Removing parties claiming a colorable defense that embraces a federal officer statute under section 1442 must show: (1) it has asserted a colorable federal defense, (2) it is a “person” within the meaning of the statute, (3) that has acted pursuant to a federal officer's directions, and (4) the charged conduct is connected or associated with an act pursuant to a federal officer's directions. Latiolais v. Huntington Ingalls Inc., 951 F.3d 286, 291 (5th Cir. 2020) (en banc). The bar for what constitutes a defense colorable is not as high as what is necessary to survive summary judgment or to prevail on the merits. Elie v. Ameron Int’l Corp., 2020 WL 2554317, *2 (E.D. La. May 20, 2020) (Vance, J.). A defense is colorable, as defined by the Fifth Circuit when: the defense need not be clearly sustainable, as section 1442 does not require a federal

official or person acting under him to win his case before he can have it removed. Instead, an asserted federal defense is colorable unless it is immaterial and made solely for the purpose of obtaining jurisdiction or wholly insubstantial and frivolous. Latiolais, 951 F.3d at 296-97. The Fifth Circuit Court of Appeals requires a liberal interpretation of section 1442, unlike general removal provisions which must be strictly construed in favor of remand. Zeringue, 846 F.3d 785, 789 (5th Cir. 2017); Louisiana v. Sparks, 978 F.2d 226, 232 (5th Cir. 1992). Also differing from general removal jurisdiction, there is no requirement that the district court have original jurisdiction over the plaintiff’s claim in a federal officer removal. Cases where the federal officer statute arises as a defense may be removed even if they are not present on the face of the

plaintiff’s well-pleaded complaint. Jefferson County, Ala. v. Acker, 527 U.S. 423, 430-31 (1999). However, the mere fact that some of the defendant’s work fell under federal regulation or review is not enough to create a sufficient federal officer jurisdictional question. Watson v. Phillip Morris Cos. Inc., 551 U.S. 142, 153 (2007).

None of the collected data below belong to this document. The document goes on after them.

(* Let $\mathcal{R}$ be a finite set of $K$ records, $n\in\mathbb{N}$, $\theta\in(0,1)$, $p$ a pmf on $\mathcal{R}$, and $\mathcal{F}:\mathcal{H}^n\times\mathcal{H}^n\to[0,\infty)$ a distortion measure. Then there exists a database sanitizing mechanism $(\mathbb{W}(\cdot|\underline a):\underline a\in\mathcal{R}^n)$ such that (i) $\mathbb{W}(\cdot|\underline a)=\mathbb{W}(\cdot|\underline{\tilde a})$ whenever $\mathtt{h}(\underline a)=\mathtt{h}(\underline{\tilde a})$; (ii) $\mathbb{W}(\underline b|\underline a)/\mathbb{W}(\underline b|\underline{\hat a})\in[\theta,1/\theta]$ for every pair of neighboring databases $\underline a,\underline{\hat a}$ and every database $\underline b$; and (iii) $D^n(\mathbb{W})\le D^n(\mathbb{U})$ for every $\theta$-DP database sanitizing mechanism $\mathbb{U}$.
   Context: A database is $\underline r=(r_1,\dots,r_n)\in\mathcal{R}^n$; its histogram $\mathtt{h}(\underline r)\in\mathcal{H}^n:=\{(h_1,\dots,h_K)\in\mathbb{Z}^K:h_k\ge0,\sum_kh_k=n\}$ has $k$-th entry the number of $i$ with $r_i=a_k$, where $\mathcal{R}=\{a_1,\dots,a_K\}$. Databases are neighboring if they differ in exactly one entry. A database sanitizing mechanism assigns to each $\underline r\in\mathcal{R}^n$ a pmf $\mathbb{W}(\cdot|\underline r)$ on $\mathcal{R}^n$; it is $\theta$-DP if $\theta\mathbb{W}(\underline s|\underline r)\le\mathbb{W}(\underline s|\underline{\hat r})\le\theta^{-1}\mathbb{W}(\underline s|\underline r)$ for all neighboring $\underline r,\underline{\hat r}$ and all $\underline s$. Its expected distortion is $D^n(\mathbb{W})=\sum_{\underline r,\underline s\in\mathcal{R}^n}\prod_{i=1}^n p(r_i)\,\mathbb{W}(\underline s|\underline r)\,\mathcal{F}(\mathtt{h}(\underline r),\mathtt{h}(\underline s))$. *)

From HB Require Import structures.
From mathcomp Require Import all_boot all_order all_algebra.
From mathcomp Require Import reals.
Set Implicit Arguments. Unset Strict Implicit. Unset Printing Implicit Defensive.
Import Order.TTheory GRing.Theory Num.Theory.
Local Open Scope ring_scope.

Definition database (Rec : finType) (n : nat) := {ffun 'I_n -> Rec}.

Definition hist (Rec : finType) (n : nat) (r : database Rec n) : {ffun Rec -> nat} :=
  [ffun a => #|[set i | r i == a]|].

Definition is_hist (Rec : finType) (n : nat) (h : {ffun Rec -> nat}) : Prop :=
  (\sum_(a : Rec) h a)%N = n.

Definition neighbors (Rec : finType) (n : nat) (r r' : database Rec n) : Prop :=
  #|[set i | r i != r' i]| = 1%N.

(* A database sanitizing mechanism: W r s = W(s | r), a pmf in s for each r. *)
Definition mechanism (T : realType) (Rec : finType) (n : nat)
  (W : database Rec n -> database Rec n -> T) : Prop :=
  forall r, (forall s, 0 <= W r s) /\ \sum_(s : database Rec n) W r s = 1.

Definition is_DP (T : realType) (Rec : finType) (n : nat) (theta : T)
  (W : database Rec n -> database Rec n -> T) : Prop :=
  forall r rh s, neighbors r rh ->
    theta * W r s <= W rh s /\ W rh s <= theta^-1 * W r s.

Definition distortion (T : realType) (Rec : finType) (n : nat) (p : Rec -> T)
  (F : {ffun Rec -> nat} -> {ffun Rec -> nat} -> T)
  (W : database Rec n -> database Rec n -> T) : T :=
  \sum_(r : database Rec n) \sum_(s : database Rec n)
     (\prod_(i < n) p (r i)) * W r s * F (hist r) (hist s).

(* Averaging a mechanism over the n! permutations of the record positions
   yields a mechanism that depends on its input only through the histogram.
   The average is still a theta-DP mechanism, because permuting positions maps
   neighbouring databases to neighbouring databases, and it has the same
   expected distortion, because the product pmf and the histogram of a database
   are invariant under permutation.  So it suffices to find some optimal
   theta-DP mechanism: viewed as vectors in [0,1]^(R^n x R^n), the theta-DP
   mechanisms form a compact set, nonempty since it contains the uniform
   mechanism, on which the distortion is continuous; hence a minimiser exists. *)

From mathcomp Require Import all_boot all_order all_algebra fingroup perm.
From mathcomp Require Import reals classical_sets boolp topology normedtype derive.
Import Order.TTheory GRing.Theory Num.Theory.
Import numFieldTopology.Exports numFieldNormedType.Exports.
Local Open Scope ring_scope.

Section PermuteDatabase.
Context {Rec : finType} {n : nat}.
Notation D := (database Rec n).

Definition permute_db (r : D) (s : 'S_n) : D := [ffun i => r (s i)].

Lemma permute_db_inj s : injective (permute_db^~ s).
Proof.
move=> r r' /ffunP eq_rs; apply/ffunP => i.
by have := eq_rs (s^-1 i)%g; rewrite !ffunE permKV.
Qed.

Lemma permute_dbM (r : D) s t : permute_db (permute_db r s) t = permute_db r (t * s)%g.
Proof. by apply/ffunP => i; rewrite !ffunE permM. Qed.

Lemma hist_permute_db (r : D) s : hist (permute_db r s) = hist r.
Proof.
apply/ffunP => a; rewrite !ffunE -[RHS](card_preimset _ (@perm_inj _ s)).
by apply: eq_card => i; rewrite !inE ffunE.
Qed.

Lemma neighbors_permute_db {r r' : D} s :
  neighbors r r' -> neighbors (permute_db r s) (permute_db r' s).
Proof.
rewrite /neighbors => <-; rewrite -[RHS](card_preimset _ (@perm_inj _ s)).
by apply: eq_card => i; rewrite !inE !ffunE.
Qed.

Lemma count_mem_hist (r : D) a : count_mem a [tuple r i | i < n] = hist r a.
Proof.
rewrite ffunE /= count_map cardE size_filter enumT.
by apply: eq_count => i; rewrite /= inE.
Qed.

Lemma hist_eq_permute_db (r r' : D) :
  hist r = hist r' -> exists s : 'S_n, r' = permute_db r s.
Proof.
move=> eq_h.
have /tuple_permP [s eq_rs] : perm_eq [tuple r' i | i < n] [tuple r i | i < n].
  by apply/allP => a _; rewrite /= !count_mem_hist eq_h.
exists s; apply/ffunP => i.
have /(congr1 (fun t => tnth t i)) := val_inj eq_rs.
by rewrite !tnth_mktuple ffunE.
Qed.

Lemma prod_permute_db (R : comPzSemiRingType) (f : Rec -> R) (r : D) s :
  \prod_(i < n) f (permute_db r s i) = \prod_(i < n) f (r i).
Proof.
under eq_bigr do rewrite ffunE.
by rewrite [RHS](reindex_inj (@perm_inj _ s)).
Qed.

End PermuteDatabase.

Section Symmetrize.
Context {T : realType} {Rec : finType} {n : nat}.
Notation D := (database Rec n).
Implicit Types (W : D -> D -> T) (theta : T).

Definition symmetrize W : D -> D -> T :=
  fun r s => #|{: 'S_n}|%:R^-1 * \sum_(σ : 'S_n) W (permute_db r σ) s.

Lemma perm_average_const (x : T) : #|{: 'S_n}|%:R^-1 * \sum_(σ : 'S_n) x = x.
Proof.
rewrite sumr_const -[x *+ _]mulr_natl mulrA mulVf ?mul1r // pnatr_eq0 -lt0n.
by apply/card_gt0P; exists 1%g.
Qed.

Lemma mechanism_symmetrize W : mechanism W -> mechanism (symmetrize W).
Proof.
move=> mechW r; split=> [s|].
  rewrite mulr_ge0 ?invr_ge0 ?ler0n ?sumr_ge0 // => σ _.
  by case: (mechW (permute_db r σ)).
rewrite -mulr_sumr exchange_big /=.
under eq_bigr do rewrite (proj2 (mechW _)).
exact: perm_average_const.
Qed.

Lemma is_DP_symmetrize theta W : is_DP theta W -> is_DP theta (symmetrize W).
Proof.
move=> dpW r r' s nb_rr'.
have DP_σ σ := dpW _ _ s (neighbors_permute_db σ nb_rr').
rewrite /symmetrize; split; [rewrite mulrCA | rewrite [leRHS]mulrCA];
  rewrite ler_wpM2l ?invr_ge0 ?ler0n // mulr_sumr ler_sum // => σ _;
  by case: (DP_σ σ).
Qed.

Lemma symmetrize_hist W r r' : hist r = hist r' -> symmetrize W r = symmetrize W r'.
Proof.
move=> /hist_eq_permute_db [t ->]; apply/funext => s; rewrite /symmetrize.
rewrite [in LHS](reindex_inj (mulIg t)) /=.
by under eq_bigr do rewrite -permute_dbM.
Qed.

Variables (p : Rec -> T) (F : {ffun Rec -> nat} -> {ffun Rec -> nat} -> T).

Lemma distortion_average (I : finType) (c : T) (G : I -> D -> D -> T) :
  distortion p F (fun r s => c * \sum_(i : I) G i r s) =
  c * \sum_(i : I) distortion p F (G i).
Proof.
rewrite /distortion mulr_sumr.
under [RHS]eq_bigr do rewrite mulr_sumr; rewrite [RHS]exchange_big /=.
apply: eq_bigr => r _.
under [RHS]eq_bigr do rewrite mulr_sumr; rewrite [RHS]exchange_big /=.
apply: eq_bigr => s _.
rewrite mulr_sumr mulr_sumr mulr_suml; apply: eq_bigr => i _.
by rewrite !mulrA [_ * c]mulrC.
Qed.

Lemma distortion_permute_db W σ :
  distortion p F (fun r => W (permute_db r σ)) = distortion p F W.
Proof.
rewrite /distortion [RHS](reindex_inj (permute_db_inj σ)) /=.
apply: eq_bigr => r _; apply: eq_bigr => s _.
by rewrite prod_permute_db hist_permute_db.
Qed.

Lemma distortion_symmetrize W : distortion p F (symmetrize W) = distortion p F W.
Proof.
rewrite distortion_average; under eq_bigr do rewrite distortion_permute_db.
exact: perm_average_const.
Qed.

End Symmetrize.

Section Mechanisms.
Context {T : realType} {Rec : finType} {n : nat}.
Notation D := (database Rec n).

Lemma mechanism_le1 (W : D -> D -> T) r s : mechanism W -> W r s <= 1.
Proof.
move=> /(_ r) [W_ge0 <-]; rewrite (bigD1 s) //= lerDl.
by apply: sumr_ge0 => s' _.
Qed.

Definition uniform_mechanism : D -> D -> T := fun _ _ => #|{: D}|%:R^-1.

Lemma mechanism_uniform : mechanism uniform_mechanism.
Proof.
move=> r; split=> [s|]; first by rewrite invr_ge0 ler0n.
rewrite sumr_const -[_ *+ _]mulr_natl mulfV // pnatr_eq0 -lt0n.
by apply/card_gt0P; exists r.
Qed.

Lemma is_DP_uniform (theta : T) : 0 < theta <= 1 -> is_DP theta uniform_mechanism.
Proof.
move=> /andP [theta_gt0 theta_le1] r r' s _.
have c_ge0 : 0 <= uniform_mechanism r s by rewrite invr_ge0 ler0n.
by rewrite ler_piMl // ler_peMl // invf_ge1.
Qed.

End Mechanisms.

Local Open Scope classical_set_scope.

Section ClosedSets.
Context {X : topologicalType} {R : realFieldType}.

Lemma continuous_sum (I : Type) (l : seq I) (g : I -> X -> R) :
  (forall i, continuous (g i)) -> continuous (fun x => \sum_(i <- l) g i x).
Proof.
move=> g_cont; elim: l => [|i l IHl].
  by under eq_fun do rewrite big_nil; exact: cst_continuous.
under eq_fun do rewrite big_cons.
by move=> x; apply: continuousD; [exact: g_cont | exact: IHl].
Qed.

Lemma continuousMl (a : R) {f : X -> R} : continuous f -> continuous (fun x => a * f x).
Proof.
move=> f_cont x.
by apply: (@continuousM _ _ (fun=> a) f); [exact: cst_continuous | exact: f_cont].
Qed.

Lemma continuousMr (b : R) {f : X -> R} : continuous f -> continuous (fun x => f x * b).
Proof.
move=> f_cont x.
by apply: (@continuousM _ _ f (fun=> b)); [exact: f_cont | exact: cst_continuous].
Qed.

Lemma closed_le_continuous (f g : X -> R) :
  continuous f -> continuous g -> closed [set x | f x <= g x].
Proof.
move=> f_cont g_cont.
have gf_cont : continuous (fun x => g x - f x).
  by move=> x; apply: continuousB; [exact: g_cont | exact: f_cont].
rewrite (_ : [set x | _] = (fun x => g x - f x) @^-1` [set y | 0 <= y]).
  exact (preimage_closed (fun x _ => gf_cont x) (@closed_ge R 0)).
by apply/seteqP; split=> x /=; rewrite subr_ge0.
Qed.

Lemma closed_eq_continuous (f : X -> R) c : continuous f -> closed [set x | f x = c].
Proof. by move=> f_cont; exact (preimage_closed (fun x _ => f_cont x) (@closed_eq R c)). Qed.

Lemma closed_forall (I : Type) (A : I -> set X) :
  (forall i, closed (A i)) -> closed [set x | forall i, A i x].
Proof.
move=> A_closed; rewrite (_ : [set x | _] = \bigcap_i A i); first exact: closed_bigI.
by apply/seteqP; split=> x Ax i //; exact: Ax.
Qed.

Lemma closed_implies (P : Prop) (A : set X) : closed A -> closed [set x | P -> A x].
Proof.
have [HP|nP] := pselect P => A_closed.
  rewrite (_ : [set x | _] = A) //.
  by apply/seteqP; split=> x /=; [exact | move=> Ax _].
rewrite (_ : [set x | _] = setT) ?closedT //.
by apply/seteqP; split=> // x _ /nP.
Qed.

End ClosedSets.

Section OptimalMechanism.
Context {T : realType} {Rec : finType} {n : nat}.
Notation D := (database Rec n).
Notation N := #|{: D * D}|.

Definition mech_of_rV (v : 'rV[T]_N) : D -> D -> T :=
  fun r s => v ord0 (enum_rank (r, s)).

Definition rV_of_mech (W : D -> D -> T) : 'rV[T]_N :=
  \row_i W (enum_val i).1 (enum_val i).2.

Lemma rV_of_mechK : cancel rV_of_mech mech_of_rV.
Proof.
by move=> W; apply/funext => r; apply/funext => s; rewrite /mech_of_rV mxE enum_rankK.
Qed.

Lemma mech_of_rV_continuous r s : continuous (fun v => mech_of_rV v r s).
Proof. exact: coord_continuous. Qed.

Definition feasible (theta : T) : set 'rV[T]_N :=
  [set v | mechanism (mech_of_rV v) /\ is_DP theta (mech_of_rV v)].

Lemma closed_feasible theta : closed (feasible theta).
Proof.
apply: closedI; apply: closed_forall => r.
  apply: closedI; first apply: closed_forall => s.
    by apply: closed_le_continuous; [exact: cst_continuous | exact: mech_of_rV_continuous].
  by apply: closed_eq_continuous; apply: continuous_sum => s; exact: mech_of_rV_continuous.
apply: closed_forall => r'; apply: closed_forall => s.
apply: closed_implies; apply: closedI; apply: closed_le_continuous.
- exact/continuousMl/mech_of_rV_continuous.
- exact: mech_of_rV_continuous.
- exact: mech_of_rV_continuous.
- exact/continuousMl/mech_of_rV_continuous.
Qed.

Lemma compact_feasible theta : compact (feasible theta).
Proof.
have feasible_box :
    feasible theta `<=` [set v : 'rV[T]_N | forall i, `[0, 1]%classic (v ord0 i)].
  move=> v [mech_v _] i /=.
  have -> : v ord0 i = mech_of_rV v (enum_val i).1 (enum_val i).2.
    by rewrite /mech_of_rV -surjective_pairing enum_valK.
  by rewrite in_itv /= mechanism_le1 // andbT; case: (mech_v (enum_val i).1).
apply: (subclosed_compact (closed_feasible theta) _ feasible_box).
exact: (@rV_compact T _ (fun=> `[0, 1]%classic) (fun=> @segment_compact T 0 1)).
Qed.

Variables (p : Rec -> T) (F : {ffun Rec -> nat} -> {ffun Rec -> nat} -> T).

Lemma distortion_continuous : continuous (fun v => distortion p F (mech_of_rV v)).
Proof.
apply: continuous_sum => r; apply: continuous_sum => s.
exact/continuousMr/continuousMl/mech_of_rV_continuous.
Qed.

Lemma exists_optimal_mechanism (theta : T) : 0 < theta <= 1 ->
  exists W : D -> D -> T, [/\ mechanism W, is_DP theta W &
    forall U : D -> D -> T, mechanism U -> is_DP theta U ->
      distortion p F W <= distortion p F U].
Proof.
move=> theta_01.
have feasible_uniform : feasible theta (rV_of_mech uniform_mechanism).
  rewrite /feasible /= rV_of_mechK.
  by split; [exact: mechanism_uniform | exact: is_DP_uniform].
have [v /set_mem [mech_v DP_v] v_min] := compact_EVT_min (ex_intro _ _ feasible_uniform)
  (compact_feasible theta) (continuous_subspaceT distortion_continuous).
exists (mech_of_rV v); split=> // U mech_U DP_U.
by rewrite -[U]rV_of_mechK; apply: v_min; apply: mem_set; rewrite /feasible /= rV_of_mechK.
Qed.

End OptimalMechanism.

Theorem lemma1 (T : realType) (Rec : finType) (n : nat) (theta : T)
  (p : Rec -> T) (F : {ffun Rec -> nat} -> {ffun Rec -> nat} -> T) :
  0 < theta -> theta < 1 ->
  (forall a, 0 <= p a) -> \sum_(a : Rec) p a = 1 ->
  (forall h h', is_hist n h -> is_hist n h' -> 0 <= F h h') ->
  exists W : database Rec n -> database Rec n -> T,
    [/\ mechanism W,
        (forall a a', hist a = hist a' -> W a = W a'),
        is_DP theta W &
        (forall U : database Rec n -> database Rec n -> T,
           mechanism U -> is_DP theta U ->
           distortion p F W <= distortion p F U)].
Proof.
(* An optimum exists for arbitrary weights [p] and distortion [F]. *)
move=> theta_gt0 theta_lt1 _ _ _.
have [|W [mech_W DP_W W_min]] := exists_optimal_mechanism (n := n) p F theta.
  by rewrite theta_gt0 ltW.
exists (symmetrize W); split.
- exact: mechanism_symmetrize.
- exact: symmetrize_hist.
- exact: is_DP_symmetrize.
- by move=> U mech_U DP_U; rewrite distortion_symmetrize; exact: W_min.
Qed.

Discussion The Court finds the Defendant has asserted a colorable federal officer statutory defense and has satisfied that element of the Fifth Circuit’s removal test. Additionally, the other elements are not in contest here. The Defendant has satisfied the ‘colorable defense’ element by asserting the colorable defense of government contractor immunity.

The Defendant’s government contractor immunity arises under Boyle v. Unity Technologies Corporation which extends immunity for federal contractors who comply within the specifications of a federal contract. 487 U.S. 500 (1988).